# PROVIDED MATERIAL
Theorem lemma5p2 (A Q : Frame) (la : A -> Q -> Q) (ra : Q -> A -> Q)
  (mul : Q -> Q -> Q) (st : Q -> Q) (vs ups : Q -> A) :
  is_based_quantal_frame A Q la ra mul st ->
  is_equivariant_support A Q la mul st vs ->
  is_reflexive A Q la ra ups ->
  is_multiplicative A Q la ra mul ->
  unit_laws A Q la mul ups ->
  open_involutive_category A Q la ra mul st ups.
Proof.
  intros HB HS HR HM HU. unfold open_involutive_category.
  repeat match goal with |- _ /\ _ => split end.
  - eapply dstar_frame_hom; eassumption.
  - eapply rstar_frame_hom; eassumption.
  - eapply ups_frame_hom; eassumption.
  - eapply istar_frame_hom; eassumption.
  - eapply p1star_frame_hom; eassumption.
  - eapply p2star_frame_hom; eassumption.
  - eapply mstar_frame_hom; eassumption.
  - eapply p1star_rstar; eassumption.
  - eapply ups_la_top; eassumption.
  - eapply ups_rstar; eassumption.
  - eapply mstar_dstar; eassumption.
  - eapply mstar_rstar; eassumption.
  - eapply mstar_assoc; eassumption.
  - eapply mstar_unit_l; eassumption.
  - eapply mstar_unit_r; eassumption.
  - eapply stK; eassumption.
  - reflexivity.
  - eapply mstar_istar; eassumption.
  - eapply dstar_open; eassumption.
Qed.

==

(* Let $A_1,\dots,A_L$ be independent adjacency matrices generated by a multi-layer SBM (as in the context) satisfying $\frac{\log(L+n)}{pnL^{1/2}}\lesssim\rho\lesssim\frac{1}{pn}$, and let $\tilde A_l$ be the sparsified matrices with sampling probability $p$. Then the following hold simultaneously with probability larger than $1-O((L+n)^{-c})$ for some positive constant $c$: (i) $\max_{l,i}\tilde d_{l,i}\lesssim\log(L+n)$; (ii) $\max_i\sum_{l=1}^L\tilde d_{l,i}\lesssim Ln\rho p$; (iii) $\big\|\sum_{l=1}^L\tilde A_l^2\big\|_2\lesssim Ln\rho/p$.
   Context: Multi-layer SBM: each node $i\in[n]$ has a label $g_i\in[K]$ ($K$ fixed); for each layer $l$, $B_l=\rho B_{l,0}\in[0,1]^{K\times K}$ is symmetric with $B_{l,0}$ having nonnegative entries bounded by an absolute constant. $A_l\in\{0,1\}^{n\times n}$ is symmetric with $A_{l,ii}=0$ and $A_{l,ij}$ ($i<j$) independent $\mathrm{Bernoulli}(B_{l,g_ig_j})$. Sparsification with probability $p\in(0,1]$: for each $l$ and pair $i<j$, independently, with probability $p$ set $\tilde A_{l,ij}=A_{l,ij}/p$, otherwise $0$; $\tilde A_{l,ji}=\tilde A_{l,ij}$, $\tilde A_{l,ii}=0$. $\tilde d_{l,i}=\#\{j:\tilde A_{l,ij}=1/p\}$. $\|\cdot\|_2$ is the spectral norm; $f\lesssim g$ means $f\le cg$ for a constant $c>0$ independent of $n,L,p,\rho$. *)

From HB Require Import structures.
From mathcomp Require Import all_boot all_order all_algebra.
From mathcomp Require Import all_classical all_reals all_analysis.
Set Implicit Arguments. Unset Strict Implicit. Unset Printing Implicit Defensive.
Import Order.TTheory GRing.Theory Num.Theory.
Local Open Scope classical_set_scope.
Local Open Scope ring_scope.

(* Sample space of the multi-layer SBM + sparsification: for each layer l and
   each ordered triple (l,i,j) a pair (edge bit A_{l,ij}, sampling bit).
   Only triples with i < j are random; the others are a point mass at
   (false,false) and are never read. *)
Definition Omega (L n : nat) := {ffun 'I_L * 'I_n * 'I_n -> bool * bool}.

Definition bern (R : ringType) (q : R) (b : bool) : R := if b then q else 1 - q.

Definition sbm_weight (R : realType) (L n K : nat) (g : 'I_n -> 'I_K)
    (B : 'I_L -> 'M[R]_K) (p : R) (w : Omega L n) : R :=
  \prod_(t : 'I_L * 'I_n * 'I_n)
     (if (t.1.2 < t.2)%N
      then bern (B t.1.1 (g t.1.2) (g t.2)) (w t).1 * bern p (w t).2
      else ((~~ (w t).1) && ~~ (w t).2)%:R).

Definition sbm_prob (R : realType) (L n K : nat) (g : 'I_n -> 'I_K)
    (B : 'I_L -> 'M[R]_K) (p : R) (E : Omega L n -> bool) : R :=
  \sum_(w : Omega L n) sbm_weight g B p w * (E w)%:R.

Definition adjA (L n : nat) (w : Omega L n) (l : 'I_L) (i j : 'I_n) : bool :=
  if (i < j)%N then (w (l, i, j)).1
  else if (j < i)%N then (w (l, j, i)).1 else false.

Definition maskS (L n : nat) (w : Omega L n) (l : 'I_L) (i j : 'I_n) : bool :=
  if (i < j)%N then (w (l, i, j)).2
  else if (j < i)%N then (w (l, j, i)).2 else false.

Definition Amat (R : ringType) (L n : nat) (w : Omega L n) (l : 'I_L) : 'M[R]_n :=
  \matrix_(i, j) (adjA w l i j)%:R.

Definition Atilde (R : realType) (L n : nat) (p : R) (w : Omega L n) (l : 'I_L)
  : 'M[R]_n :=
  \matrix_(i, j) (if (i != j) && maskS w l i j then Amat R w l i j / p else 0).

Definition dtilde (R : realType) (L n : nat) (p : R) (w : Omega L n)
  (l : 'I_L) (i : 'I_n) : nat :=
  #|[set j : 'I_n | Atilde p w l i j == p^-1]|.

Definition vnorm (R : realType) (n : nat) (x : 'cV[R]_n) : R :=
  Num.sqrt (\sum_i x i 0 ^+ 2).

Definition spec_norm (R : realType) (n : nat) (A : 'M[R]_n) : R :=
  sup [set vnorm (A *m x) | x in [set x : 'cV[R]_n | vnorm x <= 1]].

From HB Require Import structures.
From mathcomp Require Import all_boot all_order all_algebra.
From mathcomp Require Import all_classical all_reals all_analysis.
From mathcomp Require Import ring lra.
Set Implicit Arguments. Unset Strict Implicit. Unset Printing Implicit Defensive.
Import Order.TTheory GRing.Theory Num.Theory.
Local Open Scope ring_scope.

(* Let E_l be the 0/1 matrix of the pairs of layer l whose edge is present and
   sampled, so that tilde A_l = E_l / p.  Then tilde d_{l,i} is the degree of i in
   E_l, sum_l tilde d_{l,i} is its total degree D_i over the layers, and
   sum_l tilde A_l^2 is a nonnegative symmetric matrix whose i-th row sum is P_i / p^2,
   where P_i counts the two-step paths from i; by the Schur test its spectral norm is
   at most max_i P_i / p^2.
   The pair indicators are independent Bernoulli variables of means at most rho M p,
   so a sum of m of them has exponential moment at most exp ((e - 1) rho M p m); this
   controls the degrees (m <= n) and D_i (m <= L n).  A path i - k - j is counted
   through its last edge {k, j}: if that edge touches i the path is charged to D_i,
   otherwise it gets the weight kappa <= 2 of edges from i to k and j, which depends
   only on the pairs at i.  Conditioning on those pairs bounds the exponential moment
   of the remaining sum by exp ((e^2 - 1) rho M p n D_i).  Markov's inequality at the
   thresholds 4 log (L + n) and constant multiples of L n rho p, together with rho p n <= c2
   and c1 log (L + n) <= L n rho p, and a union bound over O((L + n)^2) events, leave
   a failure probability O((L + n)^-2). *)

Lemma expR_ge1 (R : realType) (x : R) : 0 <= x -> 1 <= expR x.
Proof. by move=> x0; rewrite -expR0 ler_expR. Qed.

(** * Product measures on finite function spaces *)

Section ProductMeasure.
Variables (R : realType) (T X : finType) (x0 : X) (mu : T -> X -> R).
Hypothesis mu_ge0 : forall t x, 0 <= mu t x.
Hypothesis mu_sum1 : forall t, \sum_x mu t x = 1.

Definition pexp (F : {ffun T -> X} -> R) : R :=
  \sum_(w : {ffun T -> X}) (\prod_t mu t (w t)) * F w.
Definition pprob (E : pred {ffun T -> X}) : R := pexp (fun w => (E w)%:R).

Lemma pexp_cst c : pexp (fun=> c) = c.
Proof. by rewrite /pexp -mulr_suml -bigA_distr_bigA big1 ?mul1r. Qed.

# REQUIREMENT
What you return must be an exact retyping of the lines above starting at the line with "unit_laws A Q la mul ups ->" and ending at the line with "- eapply mstar_unit_r; eassumption.", and nothing besides.

# SOLUTION TO THIS EXERCISE
  unit_laws A Q la mul ups ->
  open_involutive_category A Q la ra mul st ups.
Proof.
  intros HB HS HR HM HU. unfold open_involutive_category.
  repeat match goal with |- _ /\ _ => split end.
  - eapply dstar_frame_hom; eassumption.
  - eapply rstar_frame_hom; eassumption.
  - eapply ups_frame_hom; eassumption.
  - eapply istar_frame_hom; eassumption.
  - eapply p1star_frame_hom; eassumption.
  - eapply p2star_frame_hom; eassumption.
  - eapply mstar_frame_hom; eassumption.
  - eapply p1star_rstar; eassumption.
  - eapply ups_la_top; eassumption.
  - eapply ups_rstar; eassumption.
  - eapply mstar_dstar; eassumption.
  - eapply mstar_rstar; eassumption.
  - eapply mstar_assoc; eassumption.
  - eapply mstar_unit_l; eassumption.
  - eapply mstar_unit_r; eassumption.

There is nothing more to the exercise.